(Data to process Opens)

Lemma XiA_Xiplus_plane (a b : C) : a ^+ 2 - b ^+ 2 = -1 -> ~ in_cut a ->
  XiA_Xiplus (plane_vec a b).
Proof.
move=> hab hcut.
have [t [ht1 ht2]] : exists t,
    0 < Im a + t * Re b /\ (Im b + t * Re a) ^+ 2 < (Im a + t * Re b) ^+ 2.
  move: hab hcut; rewrite in_cutP; case: a => X Y; case: b => P Q /=.
  move/eqP; simpc; rewrite eq_complex /= => /andP[/eqP hre /eqP him] hcut.
  by apply: plane_slope => //; lra.
apply: (XiA_Xiplus_rotation (atan_strip t)); split.
  by rewrite /dSC exph_beta beta_plane_vecl !mxE eqxx i1_neq0 eqxx -!expr2.
rewrite /VplusR /= big_neq_i0 !Im_exph_imag_mulE eqxx i1_neq0 eqxx.
rewrite (exph_sum_rest (fun c => Im c ^+ 2)) big1 => [|j /andP[/negbTE h0 /negbTE h1]];
  last by rewrite mxE h0 h1 /= expr0n.
rewrite !mxE eqxx i1_neq0 eqxx addr0 sin_atan.
have hc := cos_atan_gt0 t; set c := cos (atan t).
have -> : c * Im a + t * c * Re b = c * (Im a + t * Re b) by ring.
have -> : t * c * Re a + c * Im b = c * (Im b + t * Re a) by ring.
rewrite !exprMn -mulrBr; split; apply: mulr_gt0 => //.
  exact: exprn_gt0.
by rewrite subr_gt0.
Qed.
(* Let $r\ge 3$ and let $T=T_0\oplus T_1$ be a finite-dimensional nilpotent module over the preprojective algebra $\Lambda$ of the graph with two vertices $0,1$ joined by $r$ edges, with graded socle filtration $0=U_0\subset U_1\subset U_2\subset\cdots$. Suppose $1\le j<k$ with $k-j$ even, and suppose the subquotient $U_k/U_j$ has a submodule of dimension vector $a\,\alpha_j+b\,\alpha_{j+1}$. Then $U_{k-1}/U_{j-1}$ has a submodule of dimension vector $b\,\alpha_{j+1}+c\,\alpha_j$ for some integer $c\le rb-a$. If moreover $j\ge 2$, then $c\ge b/r$.
   Context: Setup: $r\ge3$, $I=\{0,1\}$, Cartan matrix $\begin{pmatrix}2&-r\\-r&2\end{pmatrix}$, simple roots $\alpha_0,\alpha_1$. The graph has vertices $0,1$ and $r$ edges between them; the double quiver has arrows $0\to1$ and $1\to0$, one of each per edge, $\bar a$ denoting the reverse of $a$. Fix an orientation $\Omega$ (one arrow per edge), $\varepsilon(a)=\pm1$ according to $a\in\Omega$ or not. $\Lambda$ is the path algebra modulo the ideal generated by $\sum_a\varepsilon(a)\bar a a$. A $\Lambda$-module $T=T_0\oplus T_1$ is given by linear maps $x_a:T_{s(a)}\to T_{t(a)}$ for each arrow; nilpotent means all long enough paths act by $0$. The dimension vector of a graded module $S$ is $\dim S_0\,\alpha_0+\dim S_1\,\alpha_1$. For an index $k\ge1$, write $\alpha_k=\alpha_1$ if $k$ is odd and $\alpha_k=\alpha_0$ if $k$ is even, and similarly the vertex of $k$ is $1$ for $k$ odd, $0$ for $k$ even. The graded socle filtration is defined by $U_0=0$ and, for $k\ge1$ with vertex $i$, $U_k=U_{k-1}+\{v\in T_i: x_a(v)\in U_{k-1}\text{ for all arrows }a\text{ with }s(a)=i\}$ (so $U_1=\mathrm{Soc}(T)\cap T_1$). Each $U_k$ is a submodule. *)

From HB Require Import structures.
From mathcomp Require Import all_boot all_order all_algebra.
Set Implicit Arguments. Unset Strict Implicit. Unset Printing Implicit Defensive.
Import GRing.Theory.
Local Open Scope ring_scope.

(Data to process Closes)

= Task directions =
The range runs from the line with "apply: (XiA_Xiplus_rotation (atan_strip" up to and including the line with "rewrite /VplusR /= big_neq_i0" in the listing above; please write out exactly those lines and nothing more.

= Answer section =
apply: (XiA_Xiplus_rotation (atan_strip t)); split.
  by rewrite /dSC exph_beta beta_plane_vecl !mxE eqxx i1_neq0 eqxx -!expr2.
rewrite /VplusR /= big_neq_i0 !Im_exph_imag_mulE eqxx i1_neq0 eqxx.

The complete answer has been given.